Бабушка Насти Волошиной громко икнула, зачем-то перекрестившись на дедушку, и в пояс поклонилась. Было слышно, как громко, на глубоком вдохе, скрипят лямки лифчика на спине у нашей классухи. Кто-то робко захлопал… и через мгновение весь родительско-педагогический коллектив разразился бурными и продолжительными овациями. Даже техничка тётя Паша, прислонившись ухом к двери класса, громко стучала шваброй по ведру, приветствуя гордость 4-го «В». Потом слово взяла Настина бабушка. Она натянула блузку на остатки груди и предложила моего деда выбрать председателем родительского комитета. Но тут встал дед и корректно поставил в известность коллектив, что мол, польщён доверием, но никак не может. В полголоса объяснив, что связан Присягой и что вызвать (оттуда) его могут в любой момент. Все дружно посмотрели на потолок и понимающе согласились.

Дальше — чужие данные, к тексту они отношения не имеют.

Theorem theorem2p5 (D : unitRingType) (R : D -> Prop) :
  is_division_ring D ->
  (exists x y : D, x * y != y * x) ->
  is_maximal_subring R ->
  (forall x, normalizerR R x <-> (unitsR R x \/ x = 0))
  \/ (sub_division_ring R /\ exists n : nat, left_basis_of_size R n /\ right_basis_of_size R n)
  \/ (~ sub_division_ring R /\
      exists a : D, [/\ R a, a != 0, ~ unitsR R a & normalizerR R a]).
Proof.
move=> Ddiv _ maxR; have subR : is_subring R by case: maxR.
have [[x [Nx x0 nUx]] | noN] :=
  classic (exists x, [/\ normalizerR R x, x != 0 & ~ unitsR R x]); last first.
  left=> x; split=> [Nx | [Ux | ->]]; last exact: normalizerR0.
    have [-> | x0] := eqVneq x 0; first by right.
    by left; apply: NNPP => nUx; apply: noN; exists x.
  exact: normalizerR_unit.
right; have third a : R a -> a != 0 -> ~ unitsR R a -> normalizerR R a ->
    ~ sub_division_ring R /\ exists a, [/\ R a, a != 0, ~ unitsR R a & normalizerR R a].
  by move=> Ra a0 nUa Na; split=> [divR | ]; [apply/nUa/divR | exists a].
have Ux : x \is a GRing.unit := Ddiv _ x0.
have [Rx | NRx] := classic (R x); first by right; apply: (third x).
have [RxV | NRxV] := classic (R x^-1); last by left; apply: normalizer_outside_basis.
right; apply: (third x^-1) => //; first by rewrite invr_eq0.
  by move=> [_ [y [Ry _ yxV]]]; apply: NRx; rewrite -[x]mul1r -yxV divrK.
exact: normalizerRV.
Qed.
Lemma is_derive_RInt_upper (h : R -> R) a x :
  (forall u v, ex_RInt h u v) -> continuous h x ->
  is_derive (fun b => RInt h a b) x (h x).
Proof.
  intros Hi Hc. apply (is_derive_RInt h _ a x); [|exact Hc].
  exists (mkposreal 1 Rlt_0_1). intros y _. apply (RInt_correct (V := R_CompleteNormedModule)), Hi.
Qed.

Lemma RInt_decreasing_lb (h : R -> R) x y :
  decreasing h -> ex_RInt h x y -> x <= y -> (y - x) * h y <= RInt h x y.
Proof.
  intros Hm Hi Hxy. rewrite <- RInt_const_R.
  apply RInt_le; [exact Hxy | apply ex_RInt_const | exact Hi |].
  intros u Hu. apply Hm. lra.
Qed.

Lemma RInt_decreasing_ub (h : R -> R) x y :
  decreasing h -> ex_RInt h x y -> x <= y -> RInt h x y <= (y - x) * h x.
Proof.
  intros Hm Hi Hxy. rewrite <- RInt_const_R.
  apply RInt_le; [exact Hxy | exact Hi | apply ex_RInt_const |].
  intros u Hu. apply Hm. lra.
Qed.

Lemma convex01_RInt_tail (h : R -> R) :
  decreasing h -> (forall u v, ex_RInt h u v) -> convex01 (fun y => RInt h y 1).
Proof.
  intros Hm Hi.
  assert (Hle : forall x y t, x <= y -> 0 <= t <= 1 ->
    RInt h (t * x + (1 - t) * y) 1 <= t * RInt h x 1 + (1 - t) * RInt h y 1).
  { intros x y t Hxy Ht. set (z := t * x + (1 - t) * y).
    assert (Hxz : x <= z) by (unfold z; nra). assert (Hzy : z <= y) by (unfold z; nra).
    rewrite <- (RInt_Chasles_R h x z 1), <- (RInt_Chasles_R h z y 1) by auto.
    pose proof (RInt_decreasing_lb h x z Hm (Hi _ _) Hxz).
    pose proof (RInt_decreasing_ub h z y Hm (Hi _ _) Hzy).
    assert (E : t * (z - x) * h z = (1 - t) * (y - z) * h z) by (unfold z; ring).
    nra. }
  intros x y t _ _ Ht. destruct (Rle_dec x y) as [Hxy|Hxy].
  - apply Hle; lra.
  - replace (t * x + (1 - t) * y) with ((1 - t) * y + (1 - (1 - t)) * x) by ring.
    pose proof (Hle y x (1 - t) ltac:(lra) ltac:(lra)). lra.
Qed.

Lemma ex_RInt_const_open (h : R -> R) c a b :
  a <= b -> (forall x, a < x < b -> h x = c) -> ex_RInt h a b.
Proof.
  intros Hab Hh. apply (ex_RInt_ext (fun _ => c)); [|apply ex_RInt_const].
  intros x Hx. rewrite Rmin_left, Rmax_right in Hx by lra. symmetry. apply Hh. lra.
Qed.

Lemma ex_RInt_step (h : R -> R) (t : Rbar) a b :
  (forall x : R, Rbar_lt x t -> h x = 1) -> (forall x : R, Rbar_lt t x -> h x = 0) ->
  ex_RInt h a b.
Proof.
  intros H1 H0.
  assert (Hord : forall a b, a <= b -> ex_RInt h a b).
  { clear a b. intros a b Hab. destruct t as [t| |]; simpl in *.
    - destruct (Rle_dec t a).
      { apply (ex_RInt_const_open _ 0); auto. intros x Hx. apply H0. lra. }
      destruct (Rle_dec b t).
      { apply (ex_RInt_const_open _ 1); auto. intros x Hx. apply H1. lra. }
      apply ex_RInt_Chasles with t.
      + apply (ex_RInt_const_open _ 1); [lra|]. intros x Hx. apply H1. lra.
      + apply (ex_RInt_const_open _ 0); [lra|]. intros x Hx. apply H0. lra.
    - apply (ex_RInt_const_open _ 1); auto.
    - apply (ex_RInt_const_open _ 0); auto. }
  destruct (Rle_dec a b); [auto|]. apply ex_RInt_swap, Hord. lra.
Qed.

А кто помнит фамилии всех наших героев-космонавтов? Их, родимых, уже за сотню. Кто после слов седого исполина в чёрном костюме и галстуке в горошек, как у Ленина, будет биться об интернет и доказывать, что нет такого Иванова на фотографии в скафандре? А вот и есть! Ивановы они везде есть!
Всё это перед сном, вместо вечерней сказки, рассказывал мне дед. Я похихикала и уснула. А на следующий день мой дед, а вместе с ним и я, были главными героями школьных сплетен. Я купалась в славе! Подруги угощали меня пирожными и конфетами, пропускали без очереди в туалет, а пацаны дрались за возможность подержаться за мой портфель и приглашали на дни рождения.
В течение всего учебного года дед сидел в президиумах всех общешкольных мероприятий. Его приглашали на все праздники, юбилеи, а иногда и на педсоветы. А на День космонавтики «живая легенда» даже произнес пламенную речь, после которой два троечника из 3-го «Б» пообещали стать космонавтами. А после линейки дед вместе с трудовиком и физруком заперлись в столярной мастерской. До самого вечера оттуда были слышны тосты за космос, прогресс и Гагарина. А трудовик жалобным голосом, а капелла, спел песню про яблони, которые зацвели на Марсе. Ходили слухи, что «имени его» хотели даже что-то назвать… Но не успели.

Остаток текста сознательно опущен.